Report how many lines in the records below contain the word "unliftP". Give only the number.

_PROVIDED RECORDS_:
* * * * *

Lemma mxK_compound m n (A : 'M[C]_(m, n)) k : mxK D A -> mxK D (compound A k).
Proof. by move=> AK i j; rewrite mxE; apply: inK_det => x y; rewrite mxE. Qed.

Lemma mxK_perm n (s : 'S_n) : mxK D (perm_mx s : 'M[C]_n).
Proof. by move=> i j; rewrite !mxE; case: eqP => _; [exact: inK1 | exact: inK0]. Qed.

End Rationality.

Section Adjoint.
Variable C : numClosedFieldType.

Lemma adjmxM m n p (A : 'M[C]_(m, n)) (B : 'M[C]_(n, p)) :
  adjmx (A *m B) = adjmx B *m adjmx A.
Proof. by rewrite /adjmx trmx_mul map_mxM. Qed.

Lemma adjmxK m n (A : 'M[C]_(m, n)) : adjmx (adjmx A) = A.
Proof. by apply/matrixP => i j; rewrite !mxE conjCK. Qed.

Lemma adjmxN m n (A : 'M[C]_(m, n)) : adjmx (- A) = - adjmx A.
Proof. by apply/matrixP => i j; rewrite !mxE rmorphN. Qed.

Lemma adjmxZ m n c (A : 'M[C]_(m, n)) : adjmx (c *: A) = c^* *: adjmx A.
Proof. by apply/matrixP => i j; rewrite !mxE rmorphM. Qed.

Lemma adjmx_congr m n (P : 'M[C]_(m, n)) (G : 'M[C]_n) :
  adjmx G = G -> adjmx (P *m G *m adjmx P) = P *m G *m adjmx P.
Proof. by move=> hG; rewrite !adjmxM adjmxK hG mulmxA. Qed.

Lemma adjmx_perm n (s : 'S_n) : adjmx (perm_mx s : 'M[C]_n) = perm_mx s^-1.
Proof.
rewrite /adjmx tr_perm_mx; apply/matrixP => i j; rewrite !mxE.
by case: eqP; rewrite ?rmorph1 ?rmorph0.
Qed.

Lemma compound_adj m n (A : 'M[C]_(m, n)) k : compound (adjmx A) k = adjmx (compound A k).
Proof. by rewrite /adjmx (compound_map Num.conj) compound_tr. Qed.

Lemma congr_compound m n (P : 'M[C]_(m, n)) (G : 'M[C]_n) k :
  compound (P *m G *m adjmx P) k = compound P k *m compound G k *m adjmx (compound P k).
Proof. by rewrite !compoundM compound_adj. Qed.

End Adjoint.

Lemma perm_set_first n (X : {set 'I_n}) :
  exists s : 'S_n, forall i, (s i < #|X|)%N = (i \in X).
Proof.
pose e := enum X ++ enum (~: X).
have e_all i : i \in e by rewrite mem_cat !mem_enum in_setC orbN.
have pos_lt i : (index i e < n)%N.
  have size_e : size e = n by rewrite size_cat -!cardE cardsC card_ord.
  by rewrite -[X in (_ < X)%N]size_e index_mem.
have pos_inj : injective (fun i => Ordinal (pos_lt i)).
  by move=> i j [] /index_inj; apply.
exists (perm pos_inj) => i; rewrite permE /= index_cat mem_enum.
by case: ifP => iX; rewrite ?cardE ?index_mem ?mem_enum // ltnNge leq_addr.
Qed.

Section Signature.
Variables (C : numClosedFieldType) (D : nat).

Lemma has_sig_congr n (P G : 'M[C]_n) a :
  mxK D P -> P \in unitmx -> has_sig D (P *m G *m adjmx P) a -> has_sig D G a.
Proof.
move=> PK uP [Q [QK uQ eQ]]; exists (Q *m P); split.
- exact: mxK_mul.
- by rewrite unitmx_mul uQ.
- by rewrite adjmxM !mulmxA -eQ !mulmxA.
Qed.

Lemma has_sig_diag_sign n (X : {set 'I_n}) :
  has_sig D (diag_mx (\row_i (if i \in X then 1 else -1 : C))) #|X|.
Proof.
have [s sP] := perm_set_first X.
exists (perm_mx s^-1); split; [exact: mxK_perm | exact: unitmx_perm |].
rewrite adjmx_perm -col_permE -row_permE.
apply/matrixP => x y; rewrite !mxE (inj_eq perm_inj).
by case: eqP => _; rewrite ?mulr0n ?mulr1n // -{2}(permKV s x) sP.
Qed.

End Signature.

* * * * *

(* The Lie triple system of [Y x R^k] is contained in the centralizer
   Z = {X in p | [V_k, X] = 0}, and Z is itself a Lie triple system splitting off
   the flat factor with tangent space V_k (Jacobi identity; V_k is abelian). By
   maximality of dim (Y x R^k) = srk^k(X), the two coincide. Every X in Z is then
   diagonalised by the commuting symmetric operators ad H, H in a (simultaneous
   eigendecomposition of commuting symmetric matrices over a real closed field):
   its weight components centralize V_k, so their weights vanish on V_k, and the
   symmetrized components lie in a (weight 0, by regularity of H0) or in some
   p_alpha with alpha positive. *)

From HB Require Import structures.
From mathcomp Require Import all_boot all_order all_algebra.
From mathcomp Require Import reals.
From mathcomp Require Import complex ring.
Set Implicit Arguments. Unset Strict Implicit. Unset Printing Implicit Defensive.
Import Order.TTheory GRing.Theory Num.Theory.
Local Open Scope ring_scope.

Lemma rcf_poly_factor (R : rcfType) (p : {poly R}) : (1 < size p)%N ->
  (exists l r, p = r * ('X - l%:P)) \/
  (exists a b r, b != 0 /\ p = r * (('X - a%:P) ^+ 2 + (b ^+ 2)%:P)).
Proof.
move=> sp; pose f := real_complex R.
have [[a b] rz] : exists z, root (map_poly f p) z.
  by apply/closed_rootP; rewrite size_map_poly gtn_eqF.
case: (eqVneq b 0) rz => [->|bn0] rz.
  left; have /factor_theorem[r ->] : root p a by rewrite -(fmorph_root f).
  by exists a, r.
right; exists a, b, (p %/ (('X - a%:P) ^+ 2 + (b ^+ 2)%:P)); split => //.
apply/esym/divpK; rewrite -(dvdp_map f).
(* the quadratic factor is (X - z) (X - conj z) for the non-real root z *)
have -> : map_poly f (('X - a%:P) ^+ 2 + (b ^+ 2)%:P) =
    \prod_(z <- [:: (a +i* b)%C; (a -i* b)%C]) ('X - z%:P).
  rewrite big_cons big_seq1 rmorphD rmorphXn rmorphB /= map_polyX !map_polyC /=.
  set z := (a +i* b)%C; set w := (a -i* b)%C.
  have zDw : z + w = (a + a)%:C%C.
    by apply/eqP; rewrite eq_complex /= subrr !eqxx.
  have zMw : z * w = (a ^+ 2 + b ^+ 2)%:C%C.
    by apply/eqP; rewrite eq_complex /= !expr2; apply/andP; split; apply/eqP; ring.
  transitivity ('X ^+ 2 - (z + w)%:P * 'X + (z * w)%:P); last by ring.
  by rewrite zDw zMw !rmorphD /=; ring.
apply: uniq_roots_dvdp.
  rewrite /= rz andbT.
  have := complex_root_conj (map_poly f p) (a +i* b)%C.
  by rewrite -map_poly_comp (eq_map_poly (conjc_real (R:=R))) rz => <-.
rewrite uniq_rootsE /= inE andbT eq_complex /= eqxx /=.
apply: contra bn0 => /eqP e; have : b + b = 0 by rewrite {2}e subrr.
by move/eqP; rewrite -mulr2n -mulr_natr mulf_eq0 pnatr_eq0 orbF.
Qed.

* * * * *

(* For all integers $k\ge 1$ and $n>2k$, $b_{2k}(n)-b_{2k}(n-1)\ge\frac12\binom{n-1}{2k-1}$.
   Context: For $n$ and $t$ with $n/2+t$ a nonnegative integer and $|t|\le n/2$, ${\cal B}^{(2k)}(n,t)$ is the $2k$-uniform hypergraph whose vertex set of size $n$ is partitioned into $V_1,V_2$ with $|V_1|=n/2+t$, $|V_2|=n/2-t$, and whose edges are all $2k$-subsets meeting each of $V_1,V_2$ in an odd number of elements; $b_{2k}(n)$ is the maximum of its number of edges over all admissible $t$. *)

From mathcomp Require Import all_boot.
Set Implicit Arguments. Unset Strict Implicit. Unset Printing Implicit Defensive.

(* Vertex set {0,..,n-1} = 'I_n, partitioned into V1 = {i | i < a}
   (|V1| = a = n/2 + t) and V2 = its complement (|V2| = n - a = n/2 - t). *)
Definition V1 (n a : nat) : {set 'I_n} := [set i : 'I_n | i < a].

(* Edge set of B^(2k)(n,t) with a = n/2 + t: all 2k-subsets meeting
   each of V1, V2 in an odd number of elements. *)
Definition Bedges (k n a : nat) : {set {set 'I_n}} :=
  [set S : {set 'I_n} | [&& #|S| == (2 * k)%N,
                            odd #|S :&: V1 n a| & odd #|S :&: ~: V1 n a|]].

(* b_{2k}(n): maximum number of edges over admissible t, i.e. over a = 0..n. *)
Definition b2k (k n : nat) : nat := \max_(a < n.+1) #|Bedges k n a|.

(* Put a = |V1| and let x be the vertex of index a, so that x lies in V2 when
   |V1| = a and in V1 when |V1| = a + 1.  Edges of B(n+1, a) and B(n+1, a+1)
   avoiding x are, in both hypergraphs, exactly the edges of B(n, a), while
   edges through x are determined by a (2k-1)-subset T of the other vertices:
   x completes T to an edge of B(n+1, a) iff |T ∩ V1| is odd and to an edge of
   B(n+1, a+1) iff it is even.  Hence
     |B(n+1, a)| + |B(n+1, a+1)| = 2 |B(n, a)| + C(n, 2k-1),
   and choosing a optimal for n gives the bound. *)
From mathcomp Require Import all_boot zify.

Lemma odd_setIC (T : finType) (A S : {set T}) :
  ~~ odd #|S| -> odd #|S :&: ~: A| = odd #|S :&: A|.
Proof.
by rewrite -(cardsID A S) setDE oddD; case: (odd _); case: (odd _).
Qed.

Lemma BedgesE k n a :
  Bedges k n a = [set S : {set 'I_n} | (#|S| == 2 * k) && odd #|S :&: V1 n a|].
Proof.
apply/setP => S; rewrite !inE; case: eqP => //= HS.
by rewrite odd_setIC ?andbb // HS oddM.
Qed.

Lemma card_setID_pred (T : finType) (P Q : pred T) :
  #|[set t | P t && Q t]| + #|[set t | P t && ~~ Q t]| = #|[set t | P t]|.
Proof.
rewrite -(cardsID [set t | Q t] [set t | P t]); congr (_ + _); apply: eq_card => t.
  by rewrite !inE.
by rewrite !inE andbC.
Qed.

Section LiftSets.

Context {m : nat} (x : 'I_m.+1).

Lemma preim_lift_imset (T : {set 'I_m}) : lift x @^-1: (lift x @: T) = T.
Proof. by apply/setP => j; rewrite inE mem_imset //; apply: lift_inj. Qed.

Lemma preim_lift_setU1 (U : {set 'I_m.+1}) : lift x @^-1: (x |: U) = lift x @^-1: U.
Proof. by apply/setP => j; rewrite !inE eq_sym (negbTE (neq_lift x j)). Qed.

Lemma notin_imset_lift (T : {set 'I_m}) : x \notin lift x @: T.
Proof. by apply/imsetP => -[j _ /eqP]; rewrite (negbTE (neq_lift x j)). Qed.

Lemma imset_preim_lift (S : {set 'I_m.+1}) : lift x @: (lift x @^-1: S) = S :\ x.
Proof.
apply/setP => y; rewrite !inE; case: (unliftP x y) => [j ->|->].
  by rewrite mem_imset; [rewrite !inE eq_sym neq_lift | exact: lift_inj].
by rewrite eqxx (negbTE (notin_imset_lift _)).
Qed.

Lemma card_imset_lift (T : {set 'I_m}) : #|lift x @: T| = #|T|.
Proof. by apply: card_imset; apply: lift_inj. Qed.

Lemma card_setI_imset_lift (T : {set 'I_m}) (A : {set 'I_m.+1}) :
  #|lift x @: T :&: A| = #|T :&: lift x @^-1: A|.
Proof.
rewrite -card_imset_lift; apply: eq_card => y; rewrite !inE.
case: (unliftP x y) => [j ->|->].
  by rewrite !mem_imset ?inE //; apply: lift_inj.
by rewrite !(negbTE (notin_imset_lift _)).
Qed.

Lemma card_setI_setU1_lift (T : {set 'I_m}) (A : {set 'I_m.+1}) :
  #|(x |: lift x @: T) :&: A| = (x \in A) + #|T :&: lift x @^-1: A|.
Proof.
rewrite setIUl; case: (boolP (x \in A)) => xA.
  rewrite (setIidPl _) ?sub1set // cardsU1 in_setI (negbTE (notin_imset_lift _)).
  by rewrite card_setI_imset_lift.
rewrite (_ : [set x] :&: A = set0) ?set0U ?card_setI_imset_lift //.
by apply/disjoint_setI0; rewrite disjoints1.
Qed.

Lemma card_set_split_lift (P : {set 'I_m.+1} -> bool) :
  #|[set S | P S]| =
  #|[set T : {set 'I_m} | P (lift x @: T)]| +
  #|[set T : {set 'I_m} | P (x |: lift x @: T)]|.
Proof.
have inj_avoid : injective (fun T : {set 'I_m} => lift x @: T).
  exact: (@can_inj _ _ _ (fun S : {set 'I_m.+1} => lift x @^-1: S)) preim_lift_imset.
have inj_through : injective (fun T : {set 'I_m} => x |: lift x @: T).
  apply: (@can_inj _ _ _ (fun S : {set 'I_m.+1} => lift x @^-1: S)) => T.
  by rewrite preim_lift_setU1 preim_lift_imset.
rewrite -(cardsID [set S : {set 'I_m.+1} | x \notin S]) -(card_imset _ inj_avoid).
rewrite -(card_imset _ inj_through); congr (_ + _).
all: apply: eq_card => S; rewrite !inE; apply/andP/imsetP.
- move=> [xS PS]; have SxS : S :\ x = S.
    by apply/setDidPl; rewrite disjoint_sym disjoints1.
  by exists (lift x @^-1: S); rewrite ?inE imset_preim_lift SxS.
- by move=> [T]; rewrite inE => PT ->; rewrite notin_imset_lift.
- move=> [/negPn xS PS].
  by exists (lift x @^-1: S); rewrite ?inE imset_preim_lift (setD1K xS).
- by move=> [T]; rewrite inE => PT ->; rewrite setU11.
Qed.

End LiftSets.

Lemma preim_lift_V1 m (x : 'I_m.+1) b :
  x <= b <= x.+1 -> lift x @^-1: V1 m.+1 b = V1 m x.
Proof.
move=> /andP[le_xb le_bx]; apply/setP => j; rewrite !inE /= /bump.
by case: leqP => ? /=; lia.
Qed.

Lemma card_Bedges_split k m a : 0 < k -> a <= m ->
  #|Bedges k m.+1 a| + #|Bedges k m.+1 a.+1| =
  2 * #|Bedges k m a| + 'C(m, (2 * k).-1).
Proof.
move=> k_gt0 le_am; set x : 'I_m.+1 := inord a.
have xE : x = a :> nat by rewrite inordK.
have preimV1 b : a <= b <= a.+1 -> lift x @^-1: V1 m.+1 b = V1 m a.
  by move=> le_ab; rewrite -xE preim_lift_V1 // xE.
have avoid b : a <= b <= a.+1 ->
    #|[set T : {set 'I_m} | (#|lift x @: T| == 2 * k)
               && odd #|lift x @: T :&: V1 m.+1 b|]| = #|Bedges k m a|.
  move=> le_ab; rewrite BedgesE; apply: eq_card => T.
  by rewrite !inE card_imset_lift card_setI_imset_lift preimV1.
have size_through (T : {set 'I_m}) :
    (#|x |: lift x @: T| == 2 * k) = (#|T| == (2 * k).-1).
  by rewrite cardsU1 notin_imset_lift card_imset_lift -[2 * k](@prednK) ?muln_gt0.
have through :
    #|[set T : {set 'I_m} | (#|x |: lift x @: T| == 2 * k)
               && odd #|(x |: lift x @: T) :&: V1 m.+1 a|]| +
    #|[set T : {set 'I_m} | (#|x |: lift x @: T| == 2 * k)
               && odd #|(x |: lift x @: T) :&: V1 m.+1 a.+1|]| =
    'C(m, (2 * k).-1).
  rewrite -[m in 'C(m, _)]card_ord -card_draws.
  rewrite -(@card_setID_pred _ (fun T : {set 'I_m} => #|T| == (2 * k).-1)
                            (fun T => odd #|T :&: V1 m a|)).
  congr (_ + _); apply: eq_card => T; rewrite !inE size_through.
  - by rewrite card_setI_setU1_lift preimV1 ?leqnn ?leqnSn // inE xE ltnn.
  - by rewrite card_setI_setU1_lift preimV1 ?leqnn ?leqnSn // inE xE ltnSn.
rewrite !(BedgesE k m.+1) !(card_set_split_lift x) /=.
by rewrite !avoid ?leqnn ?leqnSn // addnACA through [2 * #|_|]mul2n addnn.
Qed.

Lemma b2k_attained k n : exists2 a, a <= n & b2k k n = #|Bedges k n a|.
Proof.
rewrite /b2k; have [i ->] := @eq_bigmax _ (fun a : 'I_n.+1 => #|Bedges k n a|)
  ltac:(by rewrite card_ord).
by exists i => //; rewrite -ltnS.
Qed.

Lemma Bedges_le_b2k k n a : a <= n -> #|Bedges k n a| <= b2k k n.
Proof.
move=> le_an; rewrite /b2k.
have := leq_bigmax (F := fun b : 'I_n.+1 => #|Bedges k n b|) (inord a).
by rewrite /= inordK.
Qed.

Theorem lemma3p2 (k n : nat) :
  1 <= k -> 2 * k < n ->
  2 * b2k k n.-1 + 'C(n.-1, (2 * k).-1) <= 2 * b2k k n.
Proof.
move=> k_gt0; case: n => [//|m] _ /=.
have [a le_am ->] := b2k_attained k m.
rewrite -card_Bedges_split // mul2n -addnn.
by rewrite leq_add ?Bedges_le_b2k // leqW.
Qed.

* * * * *

_RESULT OF THE EXERCISE_: 2